Abstract

The structural glycoproteins of Crimean-Congo hemorrhagic fever virus (CCHFV; genus Nairovirus, family Bunyaviridae) are derived through endoproteolytic cleavage of a 1,684-amino-acid M RNA segment-encoded polyprotein. This polyprotein is cotranslationally cleaved into the PreGN and PreGC precursors, which are then cleaved by SKI-1 and a SKI-1-like protease to generate the N termini of GN and GC, respectively. However, the resulting polypeptide defined by the N termini of GN and GC is predicted to be larger (58 kDa) than mature GN (37 kDa).
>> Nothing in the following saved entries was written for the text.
Lemma gap_lt_bracket k y y' : orbit (S k) <= y < y' -> y' <= orbit k -> y - f y < y' - f y'.
Proof.
  intros Hy Hy'. pose proof (fs_x1_le_d HS).
  destruct (orbit_spec (S k)) as [[Hpos _] _]. destruct (orbit_spec k) as [[_ Hle] _].
  apply gap_increasing; try lra.
  change (orbit (S k)) with (f (orbit k)) in *.
  destruct Hy' as [Hlt | Heq]; [|subst y'; lra].
  pose proof (f_increasing y' (orbit k) ltac:(lra) Hlt ltac:(lra)). lra.
Qed.

Lemma gap_bracket k y : orbit (S k) <= y < orbit k -> gap (S k) <= y - f y < gap k.
Proof.
  intros Hy. split.
  - destruct (proj1 Hy) as [Hlt | Heq]; [|subst y; right; reflexivity].
    left. apply (gap_lt_bracket k); lra.
  - apply (gap_lt_bracket k); lra.
Qed.

Lemma cont_crit_of_level eps y : 0 < y <= x0 -> y - f y = 2 * eps ->
  cont_crit d Psi x0 eps (Psi y - Psi x0) y.
Proof.
  intros Hy Hg. pose proof (fs_x1_le_d HS).
  destruct (fs_f_step HS (x := y) ltac:(lra)) as [Hfy HPfy].
  pose proof (Psi_antitone y x0 (proj1 Hy) (proj2 Hy) ltac:(lra)).
  split; [lra|]. split; [split; [lra | ring]|].
  exists (f y). split; [split; [exact Hfy | rewrite HPfy; ring] | exact Hg].
Qed.

Lemma cont_crit_char eps n tau y : 0 < eps -> 2 * eps < gap 0 ->
  disc_crit f x0 eps n -> cont_crit d Psi x0 eps tau y ->
  exists k, n = S k /\ orbit (S k) <= y < orbit k /\ y - f y = 2 * eps /\ tau = Psi y - Psi x0.
Proof.
  intros He Hg Hn [Htau [[Hy HPy] [y1 [[Hy1 HPy1] Hyy1]]]].
  pose proof (fs_x1_le_d HS).
  assert (Hyx0 : y <= x0) by (apply Psi_le_rev; lra).
  destruct (fs_f_step HS Hy) as [Hfy HPfy].
  assert (y1 = f y) by (apply Psi_inj; lra). subst y1.
  assert (Hylt : y < x0) by (destruct Hyx0 as [|Heq]; [assumption | subst y; simpl in Hg; lra]).
  destruct (orbit_bracket y ltac:(lra)) as [k Hk]. pose proof (gap_bracket k y Hk).
  exists k. split; [|repeat split; lra].
  apply (disc_crit_unique eps); [exact Hn | apply disc_crit_S; lra].
Qed.

Lemma level_point_exists eps k : gap (S k) <= 2 * eps < gap k ->
  exists y, orbit (S k) <= y < orbit k /\ y - f y = 2 * eps.
Proof.
  intros [[Hlt | Heq] Hgk].
  2: { exists (orbit (S k)). pose proof (orbit_step k). split; [lra | exact Heq]. }
  pose proof (fs_x1_le_d HS). pose proof (orbit_step k).
  destruct (orbit_spec (S k)) as [[Hpos _] _]. destruct (orbit_spec k) as [[_ Hle] _].
  destruct (Ranalysis5.IVT_interv (fun t => t - f t - 2 * eps) (orbit (S k)) (orbit k))
    as [y [Hy Ey]]; [| exact (orbit_step k) | simpl in *; lra | simpl in *; lra |].
  - intros t Ht. apply continuity_pt_minus; [apply continuity_pt_minus|].
    + apply derivable_continuous_pt, derivable_pt_id.
    + apply f_continuous. lra.
    + apply derivable_continuous_pt, derivable_pt_const.
  - exists y. split; [|lra]. split; [lra|].
    destruct (proj2 Hy) as [|Heq]; [assumption | subst y; simpl in *; lra].
Qed.

Lemma crit_exists eps : 0 < eps -> 2 * eps < gap 0 ->
  exists n tau y, disc_crit f x0 eps n /\ cont_crit d Psi x0 eps tau y.
Proof.
  intros He Hg. destruct (disc_crit_exists eps He Hg) as [k Hk].
  destruct (level_point_exists eps k (proj1 (disc_crit_S eps k) Hk)) as [y [Hy Hgy]].
  destruct (orbit_spec (S k)) as [[Hpos _] _]. destruct (orbit_spec k) as [[_ Hle] _].
  exists (S k), (Psi y - Psi x0), y. split; [exact Hk|].
  apply cont_crit_of_level; lra.
Qed.

Lemma length_diff_formula eps n tau y : tau = Psi y - Psi x0 ->
  cont_length eps tau y - disc_length f x0 eps n
  = y - orbit n + 2 * eps * (Psi y - Psi (orbit n)).
Proof.
  intros ->. destruct (orbit_spec n) as [_ HPsi].
  unfold cont_length, disc_length. rewrite HPsi. ring.
Qed.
By analogy to the topologically similar M segment-encoded polyproteins of viruses in the Orthobunyavirus genus, the C-terminal region of PreGN that contains four predicted transmembrane domains may also contain a nonstructural protein, NSM. To characterize potential PreGN C-terminal cleavage events, a panel of epitope-tagged PreGN truncation and internal deletion mutants was developed. These constructs allowed for the identification of a C-terminal endoproteolytic cleavage within, or very proximal to, the second predicted transmembrane domain following the GN ectodomain and the subsequent generation of a C-terminal fragment. Pulse-chase experiments showed that PreGN C-terminal cleavage occurred shortly after synthesis of the precursor and prior to generation of the GN glycoprotein. The resulting fragment trafficked to the Golgi compartment, the site of virus assembly. Development of an antiserum specific to the second cytoplasmic loop of PreGN allowed detection of cell-associated NSM proteins derived from transient expression of the complete CCHFV M segment and also in the context of virus infection.